Une étude menée par des spécialistes des cétacés confirme le danger que représentent les sonars militaires pour les cétacés, notamment les baleines à bec de Cuvier.

A l’instar des humains qui pratiquent la plongée, les baleines à bec peuvent souffrir de la maladie de décompression lorsqu’elles sont confrontées à des sonars militaires, confirment des chercheurs qui recommandent de limiter le recours à ces équipements en Méditerranée.

Des échouages massifs de cétacés se sont accrus avec le développement des sonars à moyenne fréquence

Le lien entre les échouages massifs de certaines espèces de baleines et les exercices militaires en mer utilisant des sonars de moyenne fréquence est « très clair », assure à l’AFP Yara Bernaldo de Quiros, de l’Université de Las Palmas de Gran Canaria (Espagne). Elle signe avec 20 autres spécialistes des cétacés une étude parue le 31 janvier 2019 dans la revue Proceedings of the Royal Society B, qui fait le point sur la question.

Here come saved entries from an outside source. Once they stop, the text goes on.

(* Let $q\in\mathbb{C}$, $|q|<1$. For each $\mathfrak{t}\in\{\widetilde{\mathrm{I}},\mathrm{II},\mathrm{III},\widetilde{\mathrm{IV}}\}$ and all $u,v\in\mathfrak{A}^0_{\mathfrak{t}}$, $$\mathfrak{z}_q[u*_{\mathfrak{t}}v]=\mathfrak{z}_q[u]\,\mathfrak{z}_q[v].$$
   Context: For integer tuples $\mathbf{t},\mathbf{s}$ of length $d$ put $\mathfrak{z}_q^{\mathbf{t}}[\mathbf{s}]=\sum_{k_1>\dots>k_d>0}\prod_{j=1}^d\frac{q^{k_jt_j}}{(1-q^{k_j})^{s_j}}$. All algebras are over $\mathbb{Q}$; $\mathbf{1}$ is the empty word. For a free algebra on a set of letters with a commutative bilinear product $[\cdot,\cdot]$ on the span of letters, the associated stuffle $*$ is the bilinear product with $\mathbf{1}*u=u*\mathbf{1}=u$ and $(\alpha u)*(\beta v)=\alpha(u*\beta v)+\beta(\alpha u*v)+[\alpha,\beta](u*v)$ ($\alpha,\beta$ letters, $u,v$ words). Type $\widetilde{\mathrm{I}}$: $\mathfrak{A}^1_{\widetilde{\mathrm{I}}}$ = free algebra on $\theta$, $z_k$ ($k\ge1$), $[z_k,z_l]=z_{k+l}+z_{k+l-1}$, $[\theta,z_k]=[z_k,\theta]=z_{k+1}$, $[\theta,\theta]=z_2-\theta$. $\mathfrak{A}^0_{\widetilde{\mathrm{I}}}=\mathbb{Q}\mathbf{1}+\theta\mathfrak{A}^1_{\widetilde{\mathrm{I}}}+\sum_{k\ge2}z_k\mathfrak{A}^1_{\widetilde{\mathrm{I}}}$. $\mathfrak{z}_q$ is $\mathbb{Q}$-linear with $\mathfrak{z}_q[\mathbf{1}]=1$ and $\mathfrak{z}_q[y_1\cdots y_d]=\sum_{k_1>\dots>k_d>0}\prod_jM_{k_j}(y_j)$, $M_k(\theta)=\frac{q^k}{1-q^k}$, $M_k(z_s)=\frac{q^{(s-1)k}}{(1-q^k)^s}$. Type II: $\mathfrak{A}^1_{\mathrm{II}}$ = free algebra on $z'_k$ ($k\ge0$), $[z'_k,z'_l]=z'_{k+l}$; $\mathfrak{A}^0_{\mathrm{II}}=\mathbb{Q}\mathbf{1}+\sum_{k\ge1}z'_k\mathfrak{A}^1_{\mathrm{II}}$; $\mathfrak{z}_q[\mathbf{1}]=1$, $\mathfrak{z}_q[z'_{s_1}\cdots z'_{s_d}]=\mathfrak{z}_q^{(s_1,\dots,s_d)}[s_1,\dots,s_d]$. Type III: $B$ = free algebra on $z_k$ ($k\in\mathbb{Z}$) with stuffle $*_B$ from $[z_k,z_l]=z_{k+l}$. $\mathfrak{A}^0_{\mathrm{III}}$ = $\mathbb{Q}$-span of symbols $z'_kw$ ($k\in\mathbb{Z}$, $w$ a word of $B$). $\sigma_-(z'_nw):=z_nw-z_{n-1}w$. $z'_ku*_{\mathrm{III}}z'_lv:=z'_k(u*_B\sigma_-(z'_lv))+z'_l(\sigma_-(z'_ku)*_Bv)+(z'_{k+l}-z'_{k+l-1})(u*_Bv)$, extended bilinearly. $\mathfrak{z}_q[z'_{s_1}z_{s_2}\cdots z_{s_d}]=\mathfrak{z}_q^{(1,0,\dots,0)}[s_1,\dots,s_d]$, extended linearly. Type $\widetilde{\mathrm{IV}}$: $C$ = free algebra on $z'_k$ ($k\ge0$) with stuffle $*_C$ from $[z'_k,z'_l]=z'_{k+l}$. $\mathfrak{A}^1_{\widetilde{\mathrm{IV}}}=\mathbb{Q}\mathbf{1}\oplus\theta C\oplus\bigoplus_{k\ge1}z_kC$, $\mathfrak{A}^0_{\widetilde{\mathrm{IV}}}=\mathbb{Q}\mathbf{1}\oplus\theta C\oplus\bigoplus_{k\ge2}z_kC$. $\sigma_+(z_nw):=z'_nw+z'_{n-1}w$. $*_{\widetilde{\mathrm{IV}}}$ is bilinear with unit $\mathbf{1}$ and for $k,l\ge1$, words $u,v\in C$: $z_ku*z_lv=z_k(u*_C\sigma_+(z_lv))+z_l(\sigma_+(z_ku)*_Cv)+(z_{k+l}+z_{k+l-1})(u*_Cv)$; $z_ku*\theta v=\theta v*z_ku=z_k(u*_Cz'_1v)+\theta(\sigma_+(z_ku)*_Cv)+z_{k+1}(u*_Cv)$; $\theta u*\theta v=\theta(u*_Cz'_1v)+\theta(z'_1u*_Cv)+(z_2-\theta)(u*_Cv)$. $\mathfrak{z}_q[\mathbf{1}]=1$, $\mathfrak{z}_q[\theta z'_{s_2}\cdots z'_{s_d}]=\mathfrak{z}_q^{(1,s_2,\dots,s_d)}[1,s_2,\dots,s_d]$, $\mathfrak{z}_q[z_{s_1}z'_{s_2}\cdots z'_{s_d}]=\mathfrak{z}_q^{(s_1-1,s_2,\dots,s_d)}[s_1,\dots,s_d]$, extended linearly. *)

From HB Require Import structures.
From mathcomp Require Import all_boot all_order all_algebra.
From mathcomp Require Import all_classical all_reals all_analysis.
From mathcomp Require Import complex.
Set Implicit Arguments. Unset Strict Implicit. Unset Printing Implicit Defensive.
Import Order.TTheory GRing.Theory Num.Theory numFieldNormedType.Exports.
Local Open Scope ring_scope.
(* Let $\mathcal J\subseteq\mathbb R$ be an open interval, $\phi:\mathcal J\to\mathbb R$ three times continuously differentiable with $\phi''>0$, $K\ge1$, $\mathcal M=\mathcal J^K$, $h$ a primitive of $\sqrt{\phi''}$ with inverse $H=h^{-1}$ on $h(\mathcal J)$ (both applied componentwise to vectors), and $d_\phi(\boldsymbol x,\boldsymbol y)^2=\sum_{j=1}^K(h(x_j)-h(y_j))^2$. Let $P$ be a Borel probability measure on $\mathcal M$, $\boldsymbol X$ the identity map on $\mathcal M$, and assume $E[\|h(\boldsymbol X)\|^2]<\infty$. Let $\mathcal C=\{\boldsymbol y_1,\dots,\boldsymbol y_N\}\subset\mathcal M$ be a codebook of distinct points, let $S_i=\{\boldsymbol x\in\mathcal M: d_\phi(\boldsymbol x,\boldsymbol y_i)\le d_\phi(\boldsymbol x,\boldsymbol y_j)\ \forall j\}$ be the $d_\phi$-Voronoi cells, $B_i=\mathrm{int}(S_i)$, and assume $P(S_i\cap S_j)=0$ for $i\neq j$ and $P(S_i)>0$ for all $i$. Define $$\boldsymbol y_i^*=\frac{1}{P(S_i)}E_\phi[\boldsymbol X;S_i]:=H\Big(\frac{1}{P(S_i)}E[h(\boldsymbol X)\mathbf 1_{S_i}(\boldsymbol X)]\Big).$$ Then for all $i=1,\dots,N$, $$\boldsymbol y_i^*=\frac{1}{P(B_i)}E_\phi[\boldsymbol X;B_i]\in B_i\subset S_i,$$ where analogously $\frac{1}{P(B_i)}E_\phi[\boldsymbol X;B_i]=H\big(\frac{1}{P(B_i)}E[h(\boldsymbol X)\mathbf 1_{B_i}(\boldsymbol X)]\big)$.
   Context: $\boldsymbol y_i^*$ is the $d_\phi$-centroid (the minimizer of $E[d_\phi(\boldsymbol X,\boldsymbol\xi)^2\mid \boldsymbol X\in S_i]$) of the cell $S_i$; the quantizer $q^*(\boldsymbol X)=\sum_i \boldsymbol y_i^*\mathbf 1_{S_i}(\boldsymbol X)$ minimizes the distortion $E[d_\phi(\boldsymbol X,q(\boldsymbol X))^2]$ among quantizers with the partition $\{S_i\}$. *)

From mathcomp Require Import all_boot all_order all_algebra.
From mathcomp Require Import all_classical all_reals all_analysis.
Import Order.TTheory GRing.Theory Num.Theory.
Import numFieldNormedType.Exports.

Set Implicit Arguments.
Unset Strict Implicit.
Unset Printing Implicit Defensive.

Local Open Scope ring_scope.
Local Open Scope classical_set_scope.

(* The probability space is R^K realised as K.-tuple R with
   the library's product sigma-algebra (= Borel sigma-algebra of R^K);
   [tup2row] is the canonical identification, i.e. the random vector
   X is the identity map. *)
Definition tup2row (R : realType) (K : nat) (t : K.-tuple R) : 'rV[R]_K :=
  \row_j tnth t j.

Definition ev (R : realType) (K : nat) (A : set 'rV[R]_K) : set (K.-tuple R) :=
  (@tup2row R K) @^-1` A.

Definition cube (R : realType) (K : nat) (J : set R) : set 'rV[R]_K :=
  [set x | forall j, J (x ord0 j)].

Definition dphi (R : realType) (K : nat) (h : R -> R) (x y : 'rV[R]_K) : R :=
  Num.sqrt (\sum_(j < K) (h (x ord0 j) - h (y ord0 j)) ^+ 2).

Definition voronoi (R : realType) (K N : nat) (J : set R) (h : R -> R)
    (y : 'I_N -> 'rV[R]_K) (i : 'I_N) : set 'rV[R]_K :=
  [set x | @cube R K J x /\ forall j : 'I_N, dphi h x (y i) <= dphi h x (y j)].

Definition phi_centroid (R : realType) (K : nat)
    (P : probability (K.-tuple R) R) (h H : R -> R) (A : set 'rV[R]_K)
    : 'rV[R]_K :=
  \row_j H ((fine (P (ev A)))^-1 *
            Rintegral P (ev A) (fun t => h (tnth t j))).
Section UpperSets.

Variables (X : R -> Prop) (F : (R -> Prop) -> Prop) (lb : R).
Hypothesis HXlb : forall x, X x -> lb <= x.
Hypothesis HB : forall B, borel B -> F (fun x => X x /\ B x).

Lemma upper_set_inf (U : R -> Prop) :
  (forall x, U x -> X x) ->
  (forall x y, U x -> X y -> x <= y -> U y) ->
  (exists u, U u) ->
  exists c, (forall u, U u -> c <= u) /\ (forall x, X x -> c < x -> U x).
Proof.
  intros HUX Hup [u0 Hu0].
  set (E := fun y => forall u, U u -> y <= u).
  destruct (completeness E) as [c [Hc_ub Hc_least]].
  - exists u0; intros y Hy; apply Hy, Hu0.
  - exists lb; intros u Hu; apply HXlb, HUX, Hu.
  - exists c; split.
    + intros u Hu; apply Hc_least; intros y Hy; apply Hy, Hu.
    + intros x Xx Hcx. apply NNPP; intro HnU.
      assert (E x).
      { intros u Hu. destruct (Rle_lt_dec x u) as [|Hux]; auto.
        exfalso; apply HnU; apply (Hup u); auto; lra. }
      specialize (Hc_ub x H); lra.
Qed.

Lemma upper_set_measurable (U : R -> Prop) :
  (forall x, U x -> X x) ->
  (forall x y, U x -> X y -> x <= y -> U y) ->
  F U.
Proof.
  intros HUX Hup.
  enough (HBU : exists B, borel B /\ forall x, U x <-> X x /\ B x).
  { destruct HBU as [B [HBor HUB]]. rewrite (pred_ext _ _ HUB). apply HB, HBor. }
  destruct (classic (exists u, U u)) as [Hne|Hempty].
  - destruct (upper_set_inf U HUX Hup Hne) as [c [Hc_lb Hc_gt]].
    destruct (classic (U c)) as [Uc|nUc].
    + exists (fun x => c <= x); split; [apply borel_ge|].
      intro x; split.
      * intros Ux; split; auto.
      * intros [Xx Hcx]; apply (Hup c); auto.
    + exists (fun x => c < x); split; [apply borel_gt|].
      intro x; split.
      * intros Ux; split; auto.
        destruct (Rle_lt_or_eq_dec c x (Hc_lb x Ux)) as [|<-]; tauto.
      * intros [Xx Hcx]; auto.
  - exists (fun x => ~ lb <= x); split; [apply borel_compl, borel_ge|].
    intro x; split.
    + intros Ux; exfalso; apply Hempty; eauto.
    + intros [Xx Hx]; exfalso; apply Hx, HXlb, Xx.
Qed.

Les scientifiques se sont concentrés sur le cas des baleines à bec, notamment celle de Cuvier. Ces mammifères marins très discrets, qui passent la majeure partie de leur temps sous l’eau, sont des champions de la plongée, à la fois en profondeur et en durée d’apnée.

Un échouage de cétacés est qualifié de « massif » lorsque deux individus ou plus viennent mourir sur le rivage dans la même zone géographique et sur une durée rapprochée.

« Alors que les échouages massifs de baleines à bec étaient très rares avant les années 1960, ils se sont nettement accrus avec le développement de sonars à moyenne fréquence » (4,5-5,5 kHz) utilisés par les navires militaires pour détecter des sous-marins », souligne l’étude.

Entre 1960 et 2004, 121 échouages collectifs de baleines à bec ont été recensés. La baleine de Cuvier est l’espèce la plus touchée avec 61 échouages collectifs.

Des cétacés qui meurent à cause d’un problème de décompression

Si la simultanéité entre ces événements et les exercices navals a commencé à être repérée dès la fin des années 1980, la raison médicale de la mort des cétacés n’a été établie qu’après l’échouage massif de 14 baleines à bec en 2002, sur une île des Canaries lors d’un exercice naval de l’OTAN. L’autopsie des cétacés, menée dans la foulée par l’équipe d’Antonio Fernandez de l’Université de Las Palmas de Gran Canaria, a révélé des lésions correspondant à la maladie de décompression. Celle-ci est due à la formation de bulles de gaz, notamment d’azote, dans les tissus et les vaisseaux suite à des changements de pression.

Mais pourquoi ces « as de la plongée » seraient-ils confrontés au même mal que le plongeur qui ne respecte pas les consignes de sécurité ?

« Nous pensons que c’est en raison du stress », indique Yara Bernaldo de Quiros. « Vraisemblablement, les baleines prennent peur » et « s’éloignent très vigoureusement » de la source du bruit, dit-elle. « La réponse au stress prend le pas sur le comportement habituel de plongée ». De l’azote s’accumule dans le corps des cétacés, des bulles de gaz se forment et peuvent provoquer une embolie ou une détérioration des organes.

Préoccupé, le Parlement européen a appelé en 2004 à adopter un moratoire sur le déploiement de ces sonars militaires de forte intensité.

« Seule l’Espagne a adopté ce moratoire, qui est appliqué uniquement dans les eaux des Canaries », dans l’Atlantique, relèvent les chercheurs de l’étude. « Depuis le début de ce moratoire en 2004, aucun échouage massif de baleines à bec n’a été détecté aux Canaries », se félicitent les chercheurs, qui recommandent « un moratoire sur les sonars moyenne fréquence dans les régions où des échouages massifs continuent à se produire, comme la Méditerranée ».